(What to produce):
Among the following entries, count the lines that contain "split" and report only the result.

(Data extracted from a collection)
*****

(* Let $n$ be even, $k\ge1$, $q=2^k$, and $f(x)=a_0(x)+2a_1(x)+\cdots+2^{k-1}a_{k-1}(x)$ from $\mathbb{V}_n$ to $\mathbb{Z}_{2^k}$ with Boolean $a_j$. Then $f$ is $\mathbb{Z}_q$-bent if and only if for every $t=0,1,\ldots,k-1$ the function $f_t(x)=a_0(x)+2a_1(x)+\cdots+2^{k-t-1}a_{k-t-1}(x)$, regarded as a function from $\mathbb{V}_n$ to $\mathbb{Z}_{2^{k-t}}$, is gbent.
   Context: $\mathbb{V}_n$ is an $n$-dimensional $\mathbb{F}_2$-vector space with inner product $u\cdot x$. For $g:\mathbb{V}_n\to\mathbb{Z}_{2^m}$, $g$ is gbent if $|\sum_x\zeta_{2^m}^{g(x)}(-1)^{u\cdot x}|=2^{n/2}$ for all $u$, $\zeta_{2^m}=e^{2\pi i/2^m}$ (for $m=1$ this is ordinary bentness). $f:\mathbb{V}_n\to\mathbb{Z}_q$ is $\mathbb{Z}_q$-bent if $|\sum_{x\in\mathbb{V}_n}\zeta_q^{af(x)}(-1)^{u\cdot x}|=2^{n/2}$ for every $u\in\mathbb{V}_n$ and every nonzero $a\in\mathbb{Z}_q$. *)

From HB Require Import structures.
From mathcomp Require Import all_boot all_order all_algebra.
From mathcomp Require Import complex.
From mathcomp Require Import reals trigo Rstruct.
Set Implicit Arguments. Unset Strict Implicit. Unset Printing Implicit Defensive.
Import Order.TTheory GRing.Theory Num.Theory.
Local Open Scope ring_scope.

Definition Rr : realType := Rdefinitions.R.
Definition Cx : numClosedFieldType := (Rr[i])%C.

Definition V (n : nat) := 'rV['F_2]_n.

Definition dotb (n : nat) (u x : V n) : bool := ((u *m x^T) 0 0 == 1).

Definition zeta (N : nat) : Cx :=
  (Complex (cos (2 * pi / N%:R)) (sin (2 * pi / N%:R)) : Rr[i])%C.

(* Sum_x zeta_N^{h(x)} (-1)^{u.x}, for h with values in Z_N (represented by nat;
   only h(x) mod N matters since zeta_N^N = 1). *)
Definition walsh (n N : nat) (h : V n -> nat) (u : V n) : Cx :=
  \sum_(x : V n) zeta N ^+ h x * (-1) ^+ dotb u x.

Definition two_pow_half (n : nat) : Cx := ((Num.sqrt (2 : Rr)) ^+ n)%:C%C.

Definition gbent (n m : nat) (g : V n -> nat) : Prop :=
  forall u : V n, `|walsh (2 ^ m) g u| = two_pow_half n.

Definition Zq_bent (n q : nat) (f : V n -> nat) : Prop :=
  forall (u : V n) (a : 'I_q), a != 0 :> nat ->
    `|walsh q (fun x => a * f x)%N u| = two_pow_half n.

(* f_t(x) = a_0(x) + 2 a_1(x) + ... + 2^{k-t-1} a_{k-t-1}(x), with Boolean a_j;
   with t = 0 this is f itself. *)
Definition trunc_fun (n k t : nat) (a : nat -> V n -> bool) : V n -> nat :=
  fun x => (\sum_(j < k - t) 2 ^ j * a j x)%N.

(* Let z be a root of z^M = -1 with M = 2^e.  The squared modulus of
   sum_x z^(h x) (-1)^(u.x) is an integer combination sum_(j < M) D_j z^j whose
   coefficients D_j do not depend on z, and 1, z, ..., z^(M-1) are linearly
   independent over Q because X^M + 1 is irreducible (Eisenstein at 2 after
   X |-> X + 1).  So the modulus is 2^(n/2) iff D_j = 2^n [j = 0], a condition
   that is the same for all such z.  Writing a nonzero a in Z_(2^k) as b 2^t
   with b odd, zeta_(2^k)^(a f) = (zeta_(2^(k-t))^b)^(f_t), and zeta_(2^(k-t))^b
   is another root of z^(2^(k-t-1)) = -1; hence Z_q-bentness of f at a is
   gbentness of f_t. *)

From mathcomp Require Import all_boot all_order all_algebra.
From mathcomp Require Import complex reals trigo Rstruct ring.

Set Implicit Arguments. Unset Strict Implicit. Unset Printing Implicit Defensive.
Import Order.TTheory GRing.Theory Num.Theory.
Local Open Scope ring_scope.

Lemma irreducible_common_root_size (F : numFieldType) (p q : {poly int}) (x : F) :
  irreducible_poly p -> root (map_poly intr p) x -> root (map_poly intr q) x ->
  q != 0 -> (size p <= size q)%N.
Proof.
move=> p_irr px qx q_neq0.
have ratrK (r : {poly int}) : map_poly (ratr : rat -> F) (map_poly intr r) = map_poly intr r.
  by rewrite -map_poly_comp; apply: eq_map_poly => c /=; rewrite ratr_int.
have pQ_irr : irreducible_poly (map_poly (intr : int -> rat) p).
  exact/irreducible_rat_int.
have : ~~ coprimep (map_poly (intr : int -> rat) p) (map_poly intr q).
  rewrite -(coprimep_map (ratr : {rmorphism rat -> F})) !ratrK.
  by apply: contraL qx => /coprimep_root/(_ px).
rewrite irreducible_poly_coprime // negbK => /dvdp_leq.
by rewrite !size_rat_int_poly; apply; rewrite -size_poly_eq0 size_rat_int_poly size_poly_eq0.
Qed.

(* (X^M + 1) \Po (X + 1): its roots are the z - 1 with z^M = -1. *)
Definition XnD1_shift (M : nat) : {poly int} := ('X + 1) ^+ M + 1.

Lemma size_XaddC1_exp M : size (('X + 1) ^+ M : {poly int}) = M.+1.
Proof. by rewrite -(opprK 1) -polyC1 -polyCN size_exp_XsubC. Qed.

Lemma size_XnD1_shift M : (0 < M)%N -> size (XnD1_shift M) = M.+1.
Proof. by move=> M_gt0; rewrite size_polyDl size_XaddC1_exp // size_poly1. Qed.

Lemma XnD1_shift_even_coef e i : (i < 2 ^ e)%N -> (2 %| (XnD1_shift (2 ^ e))`_i)%Z.
Proof.
move=> lt_iM; rewrite (dvdz_pcharf (pchar_Fp (isT : prime 2))).
have chF2X : 2%N \in [pchar {poly 'F_2}] by rewrite pchar_poly pchar_Fp.
suff F2E : map_poly (intr : int -> 'F_2) (XnD1_shift (2 ^ e)) = 'X^(2 ^ e).
  by rewrite -coef_map F2E coefXn ltn_eqF.
rewrite rmorphD rmorphXn /= rmorphD /= map_polyX rmorph1 exprDn_pchar.
  by rewrite expr1n -addrA -mulr2n (pcharf0 chF2X) addr0.
by rewrite pnatX (pnatE _ (isT : prime 2)) chF2X.
Qed.

Lemma XnD1_shift_irreducible e : irreducible_poly (XnD1_shift (2 ^ e)).
Proof.
have M_gt0 : (0 < 2 ^ e)%N by rewrite expn_gt0.
apply: (@eisenstein_crit 2) => //.
- by rewrite size_XnD1_shift // eqSS -lt0n.
- rewrite lead_coefDl ?size_XaddC1_exp ?size_poly1 //.
  by rewrite (monicP (monic_exp _ (monicXaddC 1))).
- by rewrite -horner_coef0 /XnD1_shift !hornerE expr1n.
- by move=> i; rewrite size_XnD1_shift //= => /XnD1_shift_even_coef.
Qed.

Lemma root_of_neg1_powers_free (F : numFieldType) e (z : F) (d : nat -> int) :
  z ^+ (2 ^ e) = -1 -> \sum_(j < 2 ^ e) (d j)%:~R * z ^+ j = 0 ->
  forall j, (j < 2 ^ e)%N -> d j = 0.
Proof.
move=> zM dz0 j lt_jM.
have M_gt0 : (0 < 2 ^ e)%N by rewrite expn_gt0.
pose r : {poly int} := \poly_(j < 2 ^ e) d j.
suff r0 : r = 0 by have := congr1 (coefp j) r0; rewrite /= coef0 coef_poly lt_jM.
apply/eqP; apply: contraT => r_neq0.
pose r1 := r \Po ('X + 1).
have size_r1 : size r1 = size r by rewrite size_comp_poly2 // size_XaddC.
have rz : (map_poly intr r).[z] = 0 :> F.
  rewrite -dz0 -(horner_poly _ (fun j => (d j)%:~R)); congr horner; apply/polyP => i.
  by rewrite coef_map !coef_poly; case: ifP.
have := @irreducible_common_root_size F _ r1 (z - 1) (XnD1_shift_irreducible e).
rewrite size_XnD1_shift // size_r1 leqNgt ltnS size_poly; apply.
- rewrite /root /XnD1_shift rmorphD rmorphXn /= rmorphD /= map_polyX !rmorph1.
  by rewrite !hornerE subrK zM addNr.
- rewrite /root /r1 map_comp_poly horner_comp rmorphD /= map_polyX rmorph1.
  by rewrite !hornerE subrK rz.
- by rewrite -size_poly_eq0 size_r1 size_poly_eq0.
Qed.

Definition expi (t : Rr) : Cx := (Complex (cos t) (sin t) : Rr[i])%C.

Lemma expiD a b : expi a * expi b = expi (a + b).
Proof.
rewrite /expi trigo.cosD trigo.sinD; apply/eqP; rewrite eq_complex /=.
by rewrite [sin a * cos b + _]addrC !eqxx.
Qed.

Lemma expiMn t j : expi t ^+ j = expi (j%:R * t).
Proof.
elim: j => [|j IHj]; first by rewrite mul0r /expi trigo.cos0 trigo.sin0.
by rewrite exprS IHj expiD -[j.+1]addn1 natrD mulrDl mul1r addrC.
Qed.

Lemma zetaM_expr d N : (0 < d)%N -> zeta (d * N) ^+ d = zeta N.
Proof.
move=> d_gt0; rewrite /zeta -/(expi _) expiMn natrM; congr expi.
have d_neq0 : d%:R != 0 :> Rr by rewrite pnatr_eq0 -lt0n.
have [->|N_neq0] := eqVneq N%:R (0 : Rr); first by rewrite mulr0 !invr0 !mulr0.
by field; rewrite d_neq0 N_neq0.
Qed.

Lemma zeta1 : zeta 1 = 1.
Proof.
rewrite /zeta divr1 mulr_natl trigo.cos2pi trigo.sin2pi; reflexivity.
Qed.

Lemma zeta2 : zeta 2 = -1.
Proof.
rewrite /zeta -/(expi _) (_ : 2 * pi / 2%:R = pi); last by field.
rewrite /expi trigo.cospi trigo.sinpi.
by apply/eqP; rewrite eq_complex /= oppr0 !eqxx.
Qed.

Lemma zeta_exprn N : (0 < N)%N -> zeta N ^+ N = 1.
Proof. by move=> N_gt0; rewrite -{1}(muln1 N) zetaM_expr // zeta1. Qed.

Lemma zeta_pow2_expr k t : (t <= k)%N -> zeta (2 ^ k) ^+ (2 ^ t) = zeta (2 ^ (k - t)).
Proof. by move=> le_tk; rewrite -(subnKC le_tk) expnD addKn zetaM_expr ?expn_gt0. Qed.

Lemma zeta_pow2_half s : zeta (2 ^ s.+1) ^+ (2 ^ s) = -1.
Proof. by rewrite -[s.+1]add1n zeta_pow2_expr ?leq_addl // addnK zeta2. Qed.

Lemma sum_sign_pow_neg1_root (R : pzRingType) (I : finType) (s m : I -> nat) M (z : R) :
  (0 < M)%N -> z ^+ M = -1 ->
  \sum_i (-1) ^+ s i * z ^+ m i =
  \sum_(j < M) (\sum_(i | (m i %% M)%N == j) (-1) ^+ (s i + m i %/ M)%N : int)%:~R * z ^+ j.
Proof.
move=> M_gt0 zM.
rewrite (partition_big (fun i => Ordinal (ltn_pmod (m i) M_gt0)) xpredT) //=.
apply: eq_bigr => j _; rewrite rmorph_sum mulr_suml; apply: eq_big => [//|i /eqP <-] /=.
rewrite {1}(divn_eq (m i) M) exprD mulnC exprM zM rmorphXn rmorphN1 exprD.
by rewrite mulrA.
Qed.

Lemma conjC_unity_root (C : numClosedFieldType) (z : C) N :
  (0 < N)%N -> z ^+ N = 1 -> z^* = z ^+ N.-1.
Proof.
move=> N_gt0 zN.
have z_neq0 : z != 0.
  by apply: contra_eq_neq zN => ->; rewrite expr0n gtn_eqF // eq_sym oner_neq0.
have normz : `|z| = 1 by apply/eqP; rewrite -(pexpr_eq1 N_gt0) // -normrX zN normr1.
by apply: (mulfI z_neq0); rewrite -normCK normz expr1n -exprS prednK.
Qed.

Section WalshAt.

Variables (C : numClosedFieldType) (n : nat).
Implicit Types (z : C) (h : V n -> nat) (u : V n).

(* [walsh N] is [walsh_at (zeta N)] by definition. *)
Definition walsh_at z h u : C := \sum_(x : V n) z ^+ h x * (-1) ^+ dotb u x.

Lemma eq_walsh_at_mod z N h1 h2 u : z ^+ N = 1 ->
  (forall x, h1 x = h2 x %[mod N]) -> walsh_at z h1 u = walsh_at z h2 u.
Proof.
by move=> zN h12; apply: eq_bigr => x _; rewrite -(expr_mod _ zN) h12 expr_mod.
Qed.

(* z^(h x) * (z^(h y))^* = z^(corr_exp M h (x, y)) when z^(2M) = 1. *)
Definition corr_exp M h (p : V n * V n) : nat := (h p.1 + (M.*2).-1 * h p.2)%N.

Definition corr_coef M h u j : int :=
  \sum_(p : V n * V n | (corr_exp M h p %% M)%N == j)
    (-1) ^+ (dotb u p.1 + dotb u p.2 + corr_exp M h p %/ M)%N.

Lemma walsh_at_normCK z M h u : (0 < M)%N -> z ^+ M = -1 ->
  `|walsh_at z h u| ^+ 2 = \sum_(j < M) (corr_coef M h u j)%:~R * z ^+ j.
Proof.
move=> M_gt0 zM.
transitivity (\sum_(p : V n * V n)
  (-1) ^+ (dotb u p.1 + dotb u p.2)%N * z ^+ corr_exp M h p); last first.
  exact: sum_sign_pow_neg1_root.
have zJ : z^* = z ^+ (M.*2).-1.
  by apply: conjC_unity_root; rewrite ?double_gt0 // -addnn exprD zM mulrNN mulr1.
rewrite normCK /walsh_at rmorph_sum mulr_suml.
under eq_bigr do rewrite mulr_sumr.
rewrite pair_big /=; apply: eq_bigr => p _.
rewrite rmorphM !rmorphXn /= rmorphN1 zJ -exprM /corr_exp !exprD.
by rewrite mulrACA mulrC.
Qed.

End WalshAt.

Lemma two_pow_half_ge0 n : 0 <= two_pow_half n.
Proof. by rewrite /two_pow_half ler0c exprn_ge0 ?sqrtr_ge0. Qed.

Lemma two_pow_half_sqr n : two_pow_half n ^+ 2 = (2 ^ n)%:R.
Proof.
rewrite /two_pow_half -rmorphXn /= -exprM mulnC exprM sqr_sqrtr ?ler0n //.
by rewrite natrX rmorphXn /= rmorph_nat.
Qed.

Lemma norm_walsh_at_eq_two_pow_half n e (z : Cx) (h : V n -> nat) (u : V n) :
  z ^+ (2 ^ e) = -1 ->
  `|walsh_at z h u| = two_pow_half n <->
  (forall j, (j < 2 ^ e)%N -> corr_coef (2 ^ e) h u j = ((j == 0%N) * 2 ^ n)%N).
Proof.
move=> zM; have M_gt0 : (0 < 2 ^ e)%N by rewrite expn_gt0.
pose delta j : int := ((j == 0%N) * 2 ^ n)%N.
have sum_delta : \sum_(j < 2 ^ e) (delta j)%:~R * z ^+ j = (2 ^ n)%:R.
  rewrite (bigD1 (Ordinal M_gt0)) //= big1 => [|j j_neq0]; last first.
    by rewrite /delta (_ : (j == 0 :> nat) = false) ?mul0r //; apply: negbTE.
  by rewrite addr0 mulr1 /delta /= mul1n.
transitivity (`|walsh_at z h u| ^+ 2 = two_pow_half n ^+ 2).
  split=> [-> // | /eqP]; rewrite eqrXn2 ?normr_ge0 ?two_pow_half_ge0 //.
  by move/eqP.
rewrite (walsh_at_normCK _ _ M_gt0 zM) two_pow_half_sqr -sum_delta.
split=> [eq_sums | eq_coef]; last by apply: eq_bigr => j _; rewrite eq_coef.
move=> j lt_jM; apply/eqP; rewrite -subr_eq0; apply/eqP; move: j lt_jM.
apply: (root_of_neg1_powers_free (d := fun j => corr_coef _ h u j - delta j) zM).
by under eq_bigr do rewrite rmorphB mulrBl; rewrite sumrB eq_sums subrr.
Qed.

Lemma sum_expn_digits_mod p (b : nat -> nat) j m : (j <= m)%N ->
  (\sum_(i < m) p ^ i * b i = \sum_(i < j) p ^ i * b i %[mod p ^ j])%N.
Proof.
move=> le_jm; rewrite -!(big_mkord xpredT (fun i => p ^ i * b i)%N).
rewrite (big_cat_nat (leq0n j) le_jm) /=.
rewrite -modnDmr (eqP (_ : p ^ j %| \sum_(j <= i < m) p ^ i * b i)%N) ?addn0 //.
rewrite big_nat_cond; apply: dvdn_sum => i /andP[/andP[le_ji _] _].
by rewrite dvdn_mulr // dvdn_exp2l.
Qed.

Lemma trunc_fun_mod n k t (a : nat -> V n -> bool) x : (t <= k)%N ->
  (trunc_fun k 0 a x = trunc_fun k t a x %[mod 2 ^ (k - t)])%N.
Proof.
by move=> le_tk; rewrite /trunc_fun subn0 (sum_expn_digits_mod 2 (fun i => a i x)) ?leq_subr.
Qed.

Lemma walsh_trunc_fun n k t b c (a : nat -> V n -> bool) u : (t <= k)%N ->
  c = (b * 2 ^ t)%N ->
  walsh (2 ^ k) (fun x => c * trunc_fun k 0 a x)%N u =
  walsh_at (zeta (2 ^ (k - t)) ^+ b) (trunc_fun k t a) u.
Proof.
move=> le_tk ->; transitivity (walsh_at (zeta (2 ^ (k - t)) ^+ b) (trunc_fun k 0 a) u).
  by apply: eq_bigr => x _; rewrite exprM mulnC exprM zeta_pow2_expr.
apply: eq_walsh_at_mod (fun x => trunc_fun_mod a x le_tk).
by rewrite exprAC zeta_exprn ?expn_gt0 ?expr1n.
Qed.

Theorem proposition5 (n k : nat) (a : nat -> V n -> bool) :
  ~~ odd n -> (1 <= k)%N ->
  Zq_bent (2 ^ k) (trunc_fun k 0 a) <->
  (forall t : nat, (t < k)%N -> gbent (k - t) (trunc_fun k t a)).
Proof.
move=> _ k_gt0; split=> [bent_f t lt_tk u | bent_ft u c c_neq0].
  have lt_2t_2k : (2 ^ t < 2 ^ k)%N by rewrite ltn_exp2l.
  have := bent_f u (Ordinal lt_2t_2k); rewrite expn_eq0 /= => /(_ isT).
  by rewrite (@walsh_trunc_fun _ k t 1) ?mul1n ?expr1 // ltnW.
have c_gt0 : (0 < c)%N by rewrite lt0n.
have [b odd_b c_eq] := pfactor_coprime (isT : prime 2) c_gt0.
rewrite coprime2n in odd_b; set t := logn 2 c in c_eq.
have lt_tk : (t < k)%N.
  rewrite -(@ltn_exp2l 2) //; apply: leq_ltn_trans (ltn_ord c).
  by rewrite c_eq leq_pmull // odd_gt0.
rewrite (walsh_trunc_fun _ _ (ltnW lt_tk) c_eq).
have [s k_t] : exists s, (k - t)%N = s.+1 by exists (k - t.+1)%N; rewrite subnSK.
have zeta_half := zeta_pow2_half s; rewrite -k_t in zeta_half.
have zeta_b_half : (zeta (2 ^ (k - t)) ^+ b) ^+ (2 ^ s) = -1.
  by rewrite exprAC zeta_half -signr_odd odd_b expr1.
apply/(norm_walsh_at_eq_two_pow_half _ _ zeta_b_half).
apply/(norm_walsh_at_eq_two_pow_half _ _ zeta_half).
exact: bent_ft.
Qed.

*****

(Reply):
3